2. Description of the Related Art In recent years, researches have been actively conducted to enzymatically modify fats and oils to develop materials having new functions. Among them, many methods for modifying phospholipids with enzymes have been proposed, and some of them have been put into practical use. Even though glyceroglycolipid has the potential as a new material, it is presently present only in trace amounts in plants and has not been used so far.

Since glyceroglycolipid is a nonionic substance containing sugar as a hydrophilic group, it is less irritating to the skin when used as a detergent or cosmetic base, and p
There is little influence of H on the solubility. In addition, the high calorie content of fats and oils is currently a problem, and is expected as a low calorie food material. Further, in recent years, natural materials with excellent safety and biodegradability have been attracting attention from the standpoint of protecting the global environment.Glyceroglycolipids are natural surface-active substances contained in plants, and thus have high safety and biodegradability. Considered to be excellent.

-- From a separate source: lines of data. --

Lemma wsum_add {I : finType} (a F G : I -> R) :
  wsum a (fun i => F i + G i) = wsum a F + wsum a G.
Proof.
rewrite /wsum -big_split; apply: eq_bigr => i _.
by case: Rlt_dec => _ /=; ring.
Qed.

Lemma wsum_marginal {I J : finType} (a : I -> R) (w : I * J -> R) (g : I -> R) :
  (forall v, 0 <= w v) -> (forall i, a i = \big[Rplus/0]_j w (i, j)) ->
  wsum a g = wsum w (fun v => g v.1).
Proof.
move=> w_ge0 a_marg.
transitivity (\big[Rplus/0]_i \big[Rplus/0]_j
                (if Rlt_dec 0 (w (i, j)) then w (i, j) * g i else 0));
  last by rewrite pair_big; apply: eq_bigr => [[i j]].
apply: eq_bigr => i _; rewrite a_marg; case: Rlt_dec => [a_gt0|a_le0] /=.
- rewrite Rmult_comm -sum_mulr; apply: eq_bigr => j _.
  case: Rlt_dec => [w_gt0|w_le0] /=; first by rewrite Rmult_comm.
  have -> : w (i, j) = 0 by have := w_ge0 (i, j); lra.
  by rewrite Rmult_0_r.
- rewrite big1 // => j _; case: Rlt_dec => // w_gt0; exfalso; apply: a_le0.
  apply: Rlt_le_trans w_gt0 _.
  exact: (term_le_sum (fun k => w (i, k)) j (fun k => w_ge0 (i, k))).
Qed.

Lemma gibbs {I : finType} (a b : I -> R) :
  (forall i, 0 <= b i) -> (forall i, 0 < a i -> 0 < b i) ->
  \big[Rplus/0]_i b i <= \big[Rplus/0]_i a i ->
  0 <= wsum a (fun i => log2 (a i / b i)).
Proof.
move=> b_ge0 b_gt0 sum_ba.
have inv_ln2 := Rinv_0_lt_compat _ ln2_pos.
have termwise i : / ln 2 * a i + - / ln 2 * b i <=
    (if Rlt_dec 0 (a i) then a i * log2 (a i / b i) else 0).
  have := b_ge0 i; case: Rlt_dec => [a_gt0|/Rnot_lt_le a_le0] b_i_ge0 /=;
    last by nra.
  have b_i_gt0 := b_gt0 i a_gt0.
  have ln_bound : a i * ln (b i / a i) <= b i - a i.
    apply: (Rle_trans _ (a i * (b i / a i - 1))).
      by apply: Rmult_le_compat_l; [lra | apply: ln_le_sub1; apply: Rdiv_lt_0_compat].
    by right; field; lra.
  rewrite -log2_inv_ratio // /log2 /Rdiv; nra.
apply: Rle_trans (sum_le _ _ termwise).
by rewrite big_split /= !sum_mulr; nra.
Qed.
(* For any finite-dimensional complex Lie algebra $\mathfrak{h}$, $\mathcal{F}(\mathcal{C}^\bullet\mathfrak{h},\mathfrak{sl}_2)_{(0)}=\mathcal{F}^1(\mathcal{C}^\bullet\mathfrak{h},\mathfrak{sl}_2)_{(0)}$.
   Context: $\mathcal{C}^\bullet\mathfrak{h}=(\bigwedge^\bullet\mathfrak{h}^*,d)$ is the Chevalley–Eilenberg cochain cdga of $\mathfrak{h}$. For a cdga $A$ and finite-dimensional Lie algebra $\mathfrak{g}$, $\mathcal{F}(A,\mathfrak{g})=\{\omega\in A^1\otimes\mathfrak{g}: d\omega+\frac12[\omega,\omega]=0\}$ (for $\omega=\sum_k\eta_k\otimes g_k$: $\sum_k d\eta_k\otimes g_k+\sum_{k<l}\eta_k\eta_l\otimes[g_k,g_l]=0$), and $\mathcal{F}^1(A,\mathfrak{g})=\{\eta\otimes g:\eta\in A^1,\ d\eta=0,\ g\in\mathfrak{g}\}$. Equivalently, identifying $\mathfrak{h}^*\otimes\mathfrak{sl}_2=\mathrm{Hom}(\mathfrak{h},\mathfrak{sl}_2)$, $\mathcal{F}(\mathcal{C}^\bullet\mathfrak{h},\mathfrak{sl}_2)$ is the variety of Lie algebra homomorphisms $\mathfrak{h}\to\mathfrak{sl}_2$ and $\mathcal{F}^1$ the subset of those of rank at most $1$. $X_{(0)}$ denotes the analytic germ at $0$. *)

(* Complex numbers are modelled as R[i] = complex R for an
   arbitrary R : realType (every realType is isomorphic to the reals). *)
From HB Require Import structures.
From mathcomp Require Import all_boot all_order all_algebra.
From mathcomp Require Import complex.
From mathcomp Require Import reals.
Set Implicit Arguments. Unset Strict Implicit. Unset Printing Implicit Defensive.
Import Order.TTheory GRing.Theory Num.Theory.
Local Open Scope ring_scope.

Conventionally, as a method for producing glyceroglycolipid, an extraction method from a plant (Japanese Patent Laid-Open No. 178596/1987) has been used.
No.), a chemical synthesis method (JP-A-4-103594), an enzymatic synthesis method (European Patent No. 268461), etc., but all of them involve complicated steps, and particularly in the latter both synthesis methods, sugar and alcohol are used. It requires two or more steps of reacting and then reacting this with a fatty acid to synthesize,
Moreover, none of these are satisfactory in terms of productivity such as low yield, and an easy industrial production method of glyceroglycolipid has been desired.

[0005]

SUMMARY OF THE INVENTION It is an object of the present invention to provide a method capable of easily producing glyceroglycolipid in one step.

[0006]

Means for Solving the Problems As a result of intensive studies to achieve the above-mentioned objects, the present inventors have found that a fatty acid monoglyceride and a saccharide or a derivative thereof are dissolved in an organic solvent and an aqueous medium. We obtained the finding that glyceroglycolipids can be easily produced industrially by conducting a condensation / transfer reaction in the presence of a sugar hydrolase in a mixed solvent of 1), which enables high-yield synthesis in a one-step process. The present invention has been completed.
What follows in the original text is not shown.